- _Your goal_
The reply should hold every record, copied exactly.

[Information supplied Boundary: Start]

Lemma flipK : involutive flip. Proof. by case. Qed.

Lemma partial_iso_flip L : partial_iso L -> partial_iso (map flip L).
Proof.
move=> isoL a b a' b'; rewrite -[(a, b)]/(flip (b, a)) -[(a', b')]/(flip (b', a')).
by rewrite !(mem_map (inv_inj flipK)) => /isoL H /H [-> ->].
Qed.

Lemma partial_iso_forth L a : partial_iso L -> exists b, partial_iso ((a, b) :: L).
Proof.
move=> isoL; have [/mapP [[a0 b] abL /= ->] | adom] := boolP (a \in map fst L).
  by exists b; apply: partial_iso_cons => // a' b'; apply: isoL.
set Up := [seq p.2 | p <- L & E a p.1]; set Wn := [seq p.2 | p <- L & ~~ E a p.1].
have [|b [bU bW EU EW]] := extension (U := Up) (W := Wn).
  move=> _ /mapP [[a1 b1] /[!mem_filter] /andP [/= Ea1 L1] ->].
  apply/mapP => -[[a2 b2] /[!mem_filter] /andP [/= Ea2 L2] /= eb].
  have [+ _] := isoL _ _ _ _ L1 L2; rewrite eb eqxx => /eqP a12.
  by rewrite -a12 Ea1 in Ea2.
exists b; apply: partial_iso_cons => // a' b' L'.
have aa' : (a == a') = false by apply: contraNF adom => /eqP ->; apply: map_f L'.
have [Ea' | nEa'] := boolP (E a a').
- have b'U : b' \in Up by apply/mapP; exists (a', b'); rewrite // mem_filter Ea'.
  by rewrite aa' Esym EU //; split=> //; apply/esym; apply: contraNF bU => /eqP ->.
- have b'W : b' \in Wn by apply/mapP; exists (a', b'); rewrite // mem_filter nEa'.
  rewrite aa' Esym (negbTE (EW _ b'W)); split=> //.
  by apply/esym; apply: contraNF bW => /eqP ->.
Qed.

Lemma partial_iso_back L b : partial_iso L -> exists a, partial_iso ((a, b) :: L).
Proof.
move=> /partial_iso_flip /(partial_iso_forth b) [a isoL']; exists a.
by have := partial_iso_flip isoL'; rewrite /= (mapK flipK).
Qed.

Definition choose_image L a := ClassicalEpsilon.epsilon (inhabits a)
  (fun b => partial_iso ((a, b) :: L)).
Definition choose_preimage L b := ClassicalEpsilon.epsilon (inhabits b)
  (fun a => partial_iso ((a, b) :: L)).

Lemma choose_imageP L a : partial_iso L -> partial_iso ((a, choose_image L a) :: L).
Proof. by move=> /(partial_iso_forth a); apply: ClassicalEpsilon.epsilon_spec. Qed.

Lemma choose_preimageP L b : partial_iso L -> partial_iso ((choose_preimage L b, b) :: L).
Proof. by move=> /(partial_iso_back b); apply: ClassicalEpsilon.epsilon_spec. Qed.

Section BackAndForth.
Variables (a0 : A) (L0 : seq (A * A)).
Hypothesis L0_iso : partial_iso L0.

(* [decode n] is arbitrary when [n] codes no vertex, which is harmless for [extend]. *)
Definition decode n := ClassicalEpsilon.epsilon (inhabits a0) (fun a => enc a = n).

Lemma decode_enc x : decode (enc x) = x.
Proof.
apply: enc_inj; apply: (ClassicalEpsilon.epsilon_spec _ (fun a => enc a = _)).
by exists x.
Qed.

(* Step [n] puts the vertex coded by [n] both into the domain and into the range. *)
Definition extend n L :=
  let a := decode n in let L1 := (a, choose_image L a) :: L in
  (choose_preimage L1 a, a) :: L1.

Fixpoint chain n := if n is n'.+1 then extend n' (chain n') else L0.

Lemma chain_iso n : partial_iso (chain n).
Proof. by elim: n => //= n IH; apply/choose_preimageP/choose_imageP. Qed.

Lemma chain_mono : {homo chain : m n / (m <= n)%N >-> {subset m <= n}}.
Proof.
apply: homo_leq => [L x // | L2 L1 L3 sub12 sub23 x /sub12 /sub23 // | n x Lx].
by rewrite /= /extend !in_cons Lx !orbT.
Qed.

Lemma chain_union_iso m n a b a' b' : (a, b) \in chain m -> (a', b') \in chain n ->
  (a == a') = (b == b') /\ E a a' = E b b'.
Proof.
by move=> /(chain_mono (leq_maxl m n)) ab /(chain_mono (leq_maxr m n)); apply: chain_iso.
Qed.

Definition forward x := choose_image (chain (enc x)) x.
Definition backward y := choose_preimage ((y, forward y) :: chain (enc y)) y.

Lemma forward_chain x : (x, forward x) \in chain (enc x).+1.
Proof. by rewrite /= /extend decode_enc !in_cons eqxx orbT. Qed.

Lemma backward_chain y : (backward y, y) \in chain (enc y).+1.
Proof. by rewrite /= /extend decode_enc in_cons eqxx. Qed.

Lemma chain_aut : is_aut E forward backward.
Proof.
split; [|split] => [x | y | x y].
- have [+ _] := chain_union_iso (forward_chain x) (backward_chain (forward x)).
  by rewrite eqxx => /eqP <-.
- have [+ _] := chain_union_iso (forward_chain (backward y)) (backward_chain y).
  by rewrite eqxx => /esym /eqP.
- by have [_ ->] := chain_union_iso (forward_chain x) (forward_chain y).
Qed.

[Information supplied Boundary: End]

- _Response_
Lemma flipK : involutive flip. Proof. by case. Qed.

Lemma partial_iso_flip L : partial_iso L -> partial_iso (map flip L).
Proof.
move=> isoL a b a' b'; rewrite -[(a, b)]/(flip (b, a)) -[(a', b')]/(flip (b', a')).
by rewrite !(mem_map (inv_inj flipK)) => /isoL H /H [-> ->].
Qed.

Lemma partial_iso_forth L a : partial_iso L -> exists b, partial_iso ((a, b) :: L).
Proof.
move=> isoL; have [/mapP [[a0 b] abL /= ->] | adom] := boolP (a \in map fst L).
  by exists b; apply: partial_iso_cons => // a' b'; apply: isoL.
set Up := [seq p.2 | p <- L & E a p.1]; set Wn := [seq p.2 | p <- L & ~~ E a p.1].
have [|b [bU bW EU EW]] := extension (U := Up) (W := Wn).
  move=> _ /mapP [[a1 b1] /[!mem_filter] /andP [/= Ea1 L1] ->].
  apply/mapP => -[[a2 b2] /[!mem_filter] /andP [/= Ea2 L2] /= eb].
  have [+ _] := isoL _ _ _ _ L1 L2; rewrite eb eqxx => /eqP a12.
  by rewrite -a12 Ea1 in Ea2.
exists b; apply: partial_iso_cons => // a' b' L'.
have aa' : (a == a') = false by apply: contraNF adom => /eqP ->; apply: map_f L'.
have [Ea' | nEa'] := boolP (E a a').
- have b'U : b' \in Up by apply/mapP; exists (a', b'); rewrite // mem_filter Ea'.
  by rewrite aa' Esym EU //; split=> //; apply/esym; apply: contraNF bU => /eqP ->.
- have b'W : b' \in Wn by apply/mapP; exists (a', b'); rewrite // mem_filter nEa'.
  rewrite aa' Esym (negbTE (EW _ b'W)); split=> //.
  by apply/esym; apply: contraNF bW => /eqP ->.
Qed.

Lemma partial_iso_back L b : partial_iso L -> exists a, partial_iso ((a, b) :: L).
Proof.
move=> /partial_iso_flip /(partial_iso_forth b) [a isoL']; exists a.
by have := partial_iso_flip isoL'; rewrite /= (mapK flipK).
Qed.

Definition choose_image L a := ClassicalEpsilon.epsilon (inhabits a)
  (fun b => partial_iso ((a, b) :: L)).
Definition choose_preimage L b := ClassicalEpsilon.epsilon (inhabits b)
  (fun a => partial_iso ((a, b) :: L)).

Lemma choose_imageP L a : partial_iso L -> partial_iso ((a, choose_image L a) :: L).
Proof. by move=> /(partial_iso_forth a); apply: ClassicalEpsilon.epsilon_spec. Qed.

Lemma choose_preimageP L b : partial_iso L -> partial_iso ((choose_preimage L b, b) :: L).
Proof. by move=> /(partial_iso_back b); apply: ClassicalEpsilon.epsilon_spec. Qed.

Section BackAndForth.
Variables (a0 : A) (L0 : seq (A * A)).
Hypothesis L0_iso : partial_iso L0.

(* [decode n] is arbitrary when [n] codes no vertex, which is harmless for [extend]. *)
Definition decode n := ClassicalEpsilon.epsilon (inhabits a0) (fun a => enc a = n).

Lemma decode_enc x : decode (enc x) = x.
Proof.
apply: enc_inj; apply: (ClassicalEpsilon.epsilon_spec _ (fun a => enc a = _)).
by exists x.
Qed.

(* Step [n] puts the vertex coded by [n] both into the domain and into the range. *)
Definition extend n L :=
  let a := decode n in let L1 := (a, choose_image L a) :: L in
  (choose_preimage L1 a, a) :: L1.

Fixpoint chain n := if n is n'.+1 then extend n' (chain n') else L0.

Lemma chain_iso n : partial_iso (chain n).
Proof. by elim: n => //= n IH; apply/choose_preimageP/choose_imageP. Qed.

Lemma chain_mono : {homo chain : m n / (m <= n)%N >-> {subset m <= n}}.
Proof.
apply: homo_leq => [L x // | L2 L1 L3 sub12 sub23 x /sub12 /sub23 // | n x Lx].
by rewrite /= /extend !in_cons Lx !orbT.
Qed.

Lemma chain_union_iso m n a b a' b' : (a, b) \in chain m -> (a', b') \in chain n ->
  (a == a') = (b == b') /\ E a a' = E b b'.
Proof.
by move=> /(chain_mono (leq_maxl m n)) ab /(chain_mono (leq_maxr m n)); apply: chain_iso.
Qed.

Definition forward x := choose_image (chain (enc x)) x.
Definition backward y := choose_preimage ((y, forward y) :: chain (enc y)) y.

Lemma forward_chain x : (x, forward x) \in chain (enc x).+1.
Proof. by rewrite /= /extend decode_enc !in_cons eqxx orbT. Qed.

Lemma backward_chain y : (backward y, y) \in chain (enc y).+1.
Proof. by rewrite /= /extend decode_enc in_cons eqxx. Qed.

Lemma chain_aut : is_aut E forward backward.
Proof.
split; [|split] => [x | y | x y].
- have [+ _] := chain_union_iso (forward_chain x) (backward_chain (forward x)).
  by rewrite eqxx => /eqP <-.
- have [+ _] := chain_union_iso (forward_chain (backward y)) (backward_chain y).
  by rewrite eqxx => /esym /eqP.
- by have [_ ->] := chain_union_iso (forward_chain x) (forward_chain y).
Qed.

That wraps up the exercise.